*Task:* Please reproduce every entry below without omitting a single line.

*Material for this exercise:*
______

(* Let $G_1$ and $G_2$ be finite simple undirected graphs. Then $G_1\cong G_2$ if and only if $\sigma(G_1)=\sigma(G_2)$.
   Context: A clique is a set of pairwise adjacent vertices; a set $S$ of cliques of $G$ is a total clique covering if every vertex lies in some member of $S$ and every edge has both endpoints in some member of $S$; $\theta_t(G)$ is the minimum size of a total clique covering. The code $\sigma(G)$ of a graph $G=(V,E)$ with $|V|=m$ and $s\ge0$ isolated vertices is defined as follows. Let $k=\theta_t(G)-s$. For a total clique covering $S=\{C_1,\ldots,C_{s+k}\}$ with $|S|=\theta_t(G)$, where $C_1,\ldots,C_s$ are the singleton cliques of the isolated vertices, and for each bijective assignment of the first $k$ primes to the cliques $C_{s+1},\ldots,C_{s+k}$, label each vertex $v$ by $1$ if $v$ is isolated and otherwise by the product of the primes assigned to the cliques among $C_{s+1},\ldots,C_{s+k}$ that contain $v$; listing these labels in non-decreasing order gives a sequence in $\mathbb{Z}^m$ (a coding sequence). Let $\sigma[S]$ be the lexicographically least of the (at most $k!$) sequences so obtained. Then $\sigma(G)$ is the lexicographically least element of $\{\sigma[S] : S \text{ a total clique covering of } G \text{ with } |S|=\theta_t(G)\}$. *)

From mathcomp Require Import all_boot.
Set Implicit Arguments. Unset Strict Implicit. Unset Printing Implicit Defensive.

(* The (0-indexed) i-th prime: nth_prime 0 = 2, nth_prime 1 = 3, ... *)
Lemma exists_prime_above (p : nat) : exists q, (p < q) && prime q.
Proof. by case: (prime_above p) => q H1 H2; exists q; rewrite H1 H2. Qed.

Definition next_prime (p : nat) : nat := ex_minn (exists_prime_above p).

Definition nth_prime (i : nat) : nat := iter i.+1 next_prime 1.

Fixpoint lexle (s t : seq nat) : bool :=
  match s, t with
  | [::], _ => true
  | _ :: _, [::] => false
  | x :: s', y :: t' => (x < y) || ((x == y) && lexle s' t')
  end.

______

*Task result:*
(* Let $G_1$ and $G_2$ be finite simple undirected graphs. Then $G_1\cong G_2$ if and only if $\sigma(G_1)=\sigma(G_2)$.
   Context: A clique is a set of pairwise adjacent vertices; a set $S$ of cliques of $G$ is a total clique covering if every vertex lies in some member of $S$ and every edge has both endpoints in some member of $S$; $\theta_t(G)$ is the minimum size of a total clique covering. The code $\sigma(G)$ of a graph $G=(V,E)$ with $|V|=m$ and $s\ge0$ isolated vertices is defined as follows. Let $k=\theta_t(G)-s$. For a total clique covering $S=\{C_1,\ldots,C_{s+k}\}$ with $|S|=\theta_t(G)$, where $C_1,\ldots,C_s$ are the singleton cliques of the isolated vertices, and for each bijective assignment of the first $k$ primes to the cliques $C_{s+1},\ldots,C_{s+k}$, label each vertex $v$ by $1$ if $v$ is isolated and otherwise by the product of the primes assigned to the cliques among $C_{s+1},\ldots,C_{s+k}$ that contain $v$; listing these labels in non-decreasing order gives a sequence in $\mathbb{Z}^m$ (a coding sequence). Let $\sigma[S]$ be the lexicographically least of the (at most $k!$) sequences so obtained. Then $\sigma(G)$ is the lexicographically least element of $\{\sigma[S] : S \text{ a total clique covering of } G \text{ with } |S|=\theta_t(G)\}$. *)

From mathcomp Require Import all_boot.
Set Implicit Arguments. Unset Strict Implicit. Unset Printing Implicit Defensive.

(* The (0-indexed) i-th prime: nth_prime 0 = 2, nth_prime 1 = 3, ... *)
Lemma exists_prime_above (p : nat) : exists q, (p < q) && prime q.
Proof. by case: (prime_above p) => q H1 H2; exists q; rewrite H1 H2. Qed.

Definition next_prime (p : nat) : nat := ex_minn (exists_prime_above p).

Definition nth_prime (i : nat) : nat := iter i.+1 next_prime 1.

Fixpoint lexle (s t : seq nat) : bool :=
  match s, t with
  | [::], _ => true
  | _ :: _, [::] => false
  | x :: s', y :: t' => (x < y) || ((x == y) && lexle s' t')
  end.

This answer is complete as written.